Il suddetto contiene anche il parere fornito dalla Giunta dei Presidenti e Consultore alle pretese dei baroni, la quale ha ritenuto di doversi «eseguire rispetto allo esame de’ conti delle Università Baronali la Sovrana determinazione».
Nell’aprile del 1787, il viceré, abrogò il rito di Alfonso d’Aragona che prevedeva le tre sentenze uniformi, e del cosiddetto perpetuo silenzio nelle cause feudali, alle quali si estendeva la stessa procedura delle cause allodiali.
Una causa molto importante si stava svolgendo in Napoli, con la quale si voleva annullare del tutto la prerogativa del mero e misto imperio; strascichi e dispute circa quest’annosa questione abbiamo rinvenuto tra le carte dell’Archivio di Stato di Palermo, qui di seguito ne riportiamo qualche esempio, in cui i cittadini di alcune baronie lamentavano di subire abusi e angarie, nonostante la mancanza di concessione del mero e misto imperio:

“Pretende il sacerdote Don Rocco Maria Minneci con petizione avanzata nel Tribunale della Gran Camera Civile di non essere i naturali della terra di Motta Di Affermò di cui n’é il Barone il Principe di Torremuzza Don Gabriele Lancillotto Castello tenuti a macinare le olive né i trappeti del proprio barone, che anzi di restare in loro arbitrio di poter macinare ove più piacere loro”.

E ancora:

“[…] con un giudizio in cui si pretende di annullare la privativa dei Trappeti d’Oglio goduta fin da tempi immemorabili sempre pacificamente dai Baroni di quella Terra predecessori dell’oratore per causa onerosa in riguardo di tanti commodi e vantaggi conceduti a quei naturali […]”
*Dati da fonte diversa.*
Lemma meet_Tside_Mblock C : C \in Tside -> ~~ [disjoint C & Mblock k] = (k \in C).
Proof.
by case/imsetP => j; rewrite inE => /andP[aj _] ->; apply/meet_Mblock/ds_sub.
Qed.

Lemma sum_dis_Mblock :
  \sum_(j | a j && [exists k0, (Mblock k == [set k0]) && (k0 \in ds j)])
     f j (Mblock k)
  = \sum_(j | a j && (k \in ds j)) f j [set k].
Proof.
rewrite /Mblock; case: ifP => kL.
  apply: eq_bigl => j; congr (_ && _); apply/existsP/idP => [[k0]|kd].
    by case/andP => /eqP/set1_inj ->.
  by exists k; rewrite eqxx kd.
rewrite !big_pred0 // => j; apply/negbTE/negP => /andP[aj].
  by move=> kd; move: (subsetP (ds_sub aj) k kd); rewrite kL.
case/existsP => k0 /andP[/eqP eK k0d]; move: (subsetP (ds_sub aj) k0 k0d).
by move: (set11 k0); rewrite -eK in_setD => /andP[/negbTE ->].
Qed.

Lemma Mblock_neq_set1_flows_eq0 : Mblock k != [set k] ->
  \sum_(j | a j && (k \in ds j)) f j [set k] = 0
  /\ \sum_(j | a j && (agg j == [set k])) f j (agg j) = 0.
Proof.
move=> neq; have kL : k \notin L by apply: contra neq; rewrite /Mblock => ->.
split; rewrite big_pred0 // => j; apply/negbTE/negP => /andP[aj].
  by apply/negP; apply: contra kL; apply: (subsetP (ds_sub aj)).
by apply/negP; apply: setD_neq_set1 neq; apply: ds_sub.
Qed.

Section NoDisaggregation.
Hypothesis L0 : L = set0.

Lemma agg_Lset_eq0 j : a j -> agg j = Kb b.
Proof.
move=> aj; have /eqP -> : ds j == set0 by rewrite -subset0 -L0 ds_sub.
exact: setD0.
Qed.

Lemma Tside_Lset_eq0 C : C \in Tside -> C = Kb b.
Proof. by case/imsetP => j; rewrite inE => /andP[aj _] ->; apply: agg_Lset_eq0. Qed.

Lemma sum_Tside_flow_Lset_eq0 :
  \sum_(C in Tside | ~~ [disjoint C & Kb b]) \sum_(j | a j && (agg j == C)) f j C
  = \sum_(j | a j) f j (Kb b).
Proof.
symmetry; rewrite (partition_big (fun j => agg j)
  (fun C => (C \in Tside) && ~~ [disjoint C & Kb b])) => [|j aj] /=.
  apply: eq_bigr => C _; apply: eq_big => // j /andP[aj /eqP <-].
  by rewrite agg_Lset_eq0.
by rewrite agg_Tside ?agg_Lset_eq0 ?Kb_nonempty //= meet_self Kb_nonempty.
Qed.

End NoDisaggregation.

Section Redistribution.
Variable z : {set K} -> {set K} -> R.
Hypothesis z_balance : forall C, C \in Tside ->
  \sum_(j | a j && (agg j == C)) f j C
  = \sum_(D in Mfam b i | ~~ [disjoint C & D]) z D C.
Hypothesis z_ge0 : forall D C,
  D \in Mfam b i -> C \in Tside -> ~~ [disjoint C & D] -> 0 <= z D C.

Local Notation Z := (\sum_(C in Tside | ~~ [disjoint C & Mblock k]) z (Mblock k) C).

Lemma z_Mblock_le_flow C : C \in Tside -> k \in C ->
  z (Mblock k) C <= \sum_(j | a j && (agg j == C)) f j C.
Proof.
move=> CT kC; rewrite z_balance // (bigD1 (Mblock k)) /=; last first.
  by rewrite Mblock_Mfam meet_Tside_Mblock.
by rewrite lerDl sumr_ge0 // => D /andP[/andP[DM CD] _]; apply: z_ge0.
Qed.

Lemma flow_set1_eq_z_Mblock : [set k] \in Tside ->
  \sum_(j | a j && (agg j == [set k])) f j [set k] = z (Mblock k) [set k].
Proof.
move=> kT; rewrite z_balance // (eq_bigl (pred1 (Mblock k))) ?big_pred1_eq // => D /=.
rewrite disjoints1 negbK; case: (boolP (D \in Mfam b i)) => [DM|DnM] /=.
  exact: Mfam_mem_Mblock.
by apply/esym; apply: contraNF DnM => /eqP ->; apply: Mblock_Mfam.
Qed.

Lemma sum_z_Mblock_ge0 : 0 <= Z.
Proof.
by apply: sumr_ge0 => C /andP[CT CD]; apply: z_ge0 => //; apply: Mblock_Mfam.
Qed.

Lemma sum_z_Mblock_le_agg_flow : Z <= \sum_(j | a j && (k \in agg j)) f j (agg j).
Proof.
rewrite (partition_big (fun j => agg j) (fun C => (C \in Tside) && (k \in C))) /=;
  last by move=> j /andP[aj kj]; rewrite kj agg_Tside //; apply/set0Pn; exists k.
rewrite (eq_bigl (fun C => (C \in Tside) && (k \in C))) => [|C]; last first.
  by case CT: (C \in Tside); rewrite //= meet_Tside_Mblock.
apply: ler_sum => C /andP[CT kC].
rewrite (eq_big (fun j => a j && (agg j == C)) (fun j => f j C))
  => [|j|j /andP[_ /eqP ->]] //; first exact: z_Mblock_le_flow.
by case: eqP => [->|]; rewrite ?andbF ?kC ?andbT.
Qed.

Lemma agg_set1_flow_le_sum_z_Mblock :
  \sum_(j | a j && (agg j == [set k])) f j (agg j) <= Z.
Proof.
rewrite (eq_bigr (fun j => f j [set k])) => [|j /andP[_ /eqP ->]] //.
have [kT|kNT] := boolP ([set k] \in Tside); last first.
  rewrite big_pred0 ?sum_z_Mblock_ge0 // => j; apply: contraNF kNT => /andP[aj /eqP eK].
  by rewrite -eK agg_Tside // eK; apply/set0Pn; exists k; rewrite set11.
rewrite flow_set1_eq_z_Mblock // (bigD1 [set k]) /=; last first.
  by rewrite kT meet_Tside_Mblock ?set11.
rewrite lerDl sumr_ge0 // => C /andP[/andP[CT CD] _].
by apply: z_ge0 => //; apply: Mblock_Mfam.
Qed.

End Redistribution.
End Side.
End Mblock.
E si prosegue ancora, a suon di reclami e denunce:

“L’esposto qui unito del Sacerdote Don Rocco Maria de Minneci raggirarsi a dimostrare, che lo stato di Motta d’Affermo ed altri fondi siano di Real pertinenza. Il Supremo Consiglio di Azienda lo rimette a V.E. nel Real Nome, acciò l’Avvocato Fiscale del Real Patrimonio senta il ricorrente e riferisca indi quel che gli occorra”.

Fate attenzione alle date, per comprendere la durata media di una causa:

“Coll’ingionto ricorso chiede il sacerdote Don Rocco Maria de Minneci il salvocondotto per non essere molestato dal principe di Torremuzza contro di cui ha fatto delle dinunzie per alcuni fondi, che possiede di pertinenza del fisco; e nel Real Nome lo passa a mani di V.E. il supremo consiglio di azienda, acciò dia la provvidenza che stimi conveniente… Il sacerdote don rocco maria de minneci dinunzia coll’annesso ricorso, che il Principe di Torremuzza esercita indoverosamente il diritto di legnare nel Bosco della terra della Motta d’Affermo; ed il Supremo Consiglio di Azienda lo dirige a V.E.; acciò il Tribunale del Real Patrimonio proveda… preteso di sostenere che per la reintegrazione alla Real Camera della cennata Baronia, concorra la circostanza che la concessione fattane dal Re Alfonzo contenesse la clausola pro heredibus ex corpore descendetibus, e che la costoro linea fusse da gran tempo estinta… riferisca l’occorrente sulla dedotta concessione, colla clausola descendetibus ex corpore, ed estinzione di linea, per la sua sovrana intelligenza ed opportuna risoluzione”.

Ed infine nel 1794:

“uno de capi della denuncia prodotta dal sacerdote don rocco maria minneci a carico del principe di torremuzza, vi è la mancanza di concessione del mero e misto che esto principe esercita nelli feudi delle baronie di Motta d’affermo e di Spataro”.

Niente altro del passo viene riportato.